Thanos v. Fox

149 N.E.2d 315, 128 Ind. App. 416, 1958 Ind. App. LEXIS 115
CourtIndiana Court of Appeals
DecidedApril 22, 1958
Docket18,965
StatusPublished
Cited by14 cases

This text of 149 N.E.2d 315 (Thanos v. Fox) is published on Counsel Stack Legal Research, covering Indiana Court of Appeals primary law. Counsel Stack provides free access to over 12 million legal documents including statutes, case law, regulations, and constitutions.

Bluebook
Thanos v. Fox, 149 N.E.2d 315, 128 Ind. App. 416, 1958 Ind. App. LEXIS 115 (Ind. Ct. App. 1958).

Opinion

Pfaff, J.

Appellee was a passenger on a Gary Railways, Inc. bus which was involved in a collision with an automobile being driven by appellant. Her original complaint, based upon negligence, was against both appellant and Gary Railways, Inc. Her amended complaint, upon which the case was tried, was against the appellant only.

Appellant filed an answer in several paragraphs alleging :

1. That the Gary Railways, Inc. had paid appellee $3,000 in full satisfaction of any and all claims for injuries by reason of the accident and that she “did release, acquit and forever discharge her claim”;
2. That in consideration of said payment appellee “has acquitted her cause herein”; and
3. That she accepted and received said $3,000 from the Gary Railways, Inc., which sum fully compensated her for her loss and damage.

Trial by jury resulted in a verdict, upon which judgment was entered, that the jury affixed appellee’s damages at $16,600 “and in view of the fact that she received $3,000 from the Gary Railways, Inc., we deduct that and find for the plaintiff in the sum of $13,600.”

It is noted that no interrogatories were submitted to the jury.

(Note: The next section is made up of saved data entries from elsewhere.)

Theorem proposition1 (T : finType) (G G' : digraph T) :
  wf_digraph G -> wf_digraph G' -> subgraph G' G ->
  sstat_vsc G' <= sstat_vsc G /\
  (forall (m : bool) (gv : game_variant), lifo m gv G' <= lifo m gv G).
Proof.
move=> wf wf' sub; split=> [|m gv]; apply: minnat_le.
- have [k [s [a b c _ e]]] := good_strategy_exists Vvsc false true wf.
  by exists k, s; split => //; apply: e.
- move=> k [s [a b c d]]; have g : good_strategy Vvsc G k false true s by split.
  have [s' [a' b' c' _ e']] := good_strategy_subgraph wf wf' sub g.
  by exists s'; split => //; apply: e'.
- have [k [s [a b c d _]]] := good_strategy_exists gv m false wf.
  by exists k, s; split.
- move=> k [s [a b c d]]; have g : good_strategy gv G k m false s by split.
  have [s' [a' b' c' d' _]] := good_strategy_subgraph wf wf' sub g.
  by exists s'; split.
Qed.
(* Let $(\mathcal{D},\wedge,S^0)$ be a closed symmetric monoidal model category, $T$ a cofibrant object, $\Omega=Hom(T,-)$, and $X$ a symmetric $T$-spectrum. Then for every $n\ge0$ there is an isomorphism $(\Theta^\infty X)_n\cong(R^\infty X)_n$.
   Context: A symmetric $T$-spectrum has objects $X_n$ with $\Sigma_n$-actions and structure maps $\sigma_n:X_n\wedge T\to X_{n+1}$ with equivariant iterates; $\tilde\sigma_n:X_n\to\Omega X_{n+1}$ are the adjoints. $(\Theta^\infty X)_n=\mathrm{colim}_l\Omega^lX_{n+l}$ along $\Omega^l\tilde\sigma$. $(shX)_n=X_{1+n}$ (with $\Sigma_n$ acting on the last $n$ coordinates), $R=\Omega\circ sh$, $\tilde\lambda_X:X\to RX$ levelwise adjoint to $\chi_{n,1}\circ\sigma_n:X_n\wedge T\to X_{1+n}$ ($\chi_{a,b}\in\Sigma_{a+b}$ the block permutation), and $R^\infty X=\mathrm{colim}_kR^kX$ along $R^k\tilde\lambda_X$, so that $(R^\infty X)_n=\mathrm{colim}_l\Omega^lX_{l+n}$ along $\Omega^l\tilde\lambda$. *)

From mathcomp Require Import all_boot all_fingroup zify.

Set Implicit Arguments.
Unset Strict Implicit.
Unset Printing Implicit Defensive.

Declare Scope cat_scope.
Delimit Scope cat_scope with cat.
Local Open Scope cat_scope.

The only evidence concerning the money which ap-pellee received from the railway company is here set *419 forth verbatim as it appears in the cross-examination of appellee:

“Q. After this complaint was filed did you receive any money from anyone in settlement of your case?
A. Not of the total case.
Q. Did you receive any money from any one in settlement?
A. (Witness did not answer).
Q. You may answer that. Don’t look at your lawyer.
A. From the Gary Railways.
Q. How much did you get from the Gary Railways?
A. Three thousand dollars.
Q. And you agreed on that figure of three thousand dollars, did you?
A. 1 signed a covenant not to sue.
Q. (Question read again by the reporter.)
A. I agreed to it with the Gary Railways.”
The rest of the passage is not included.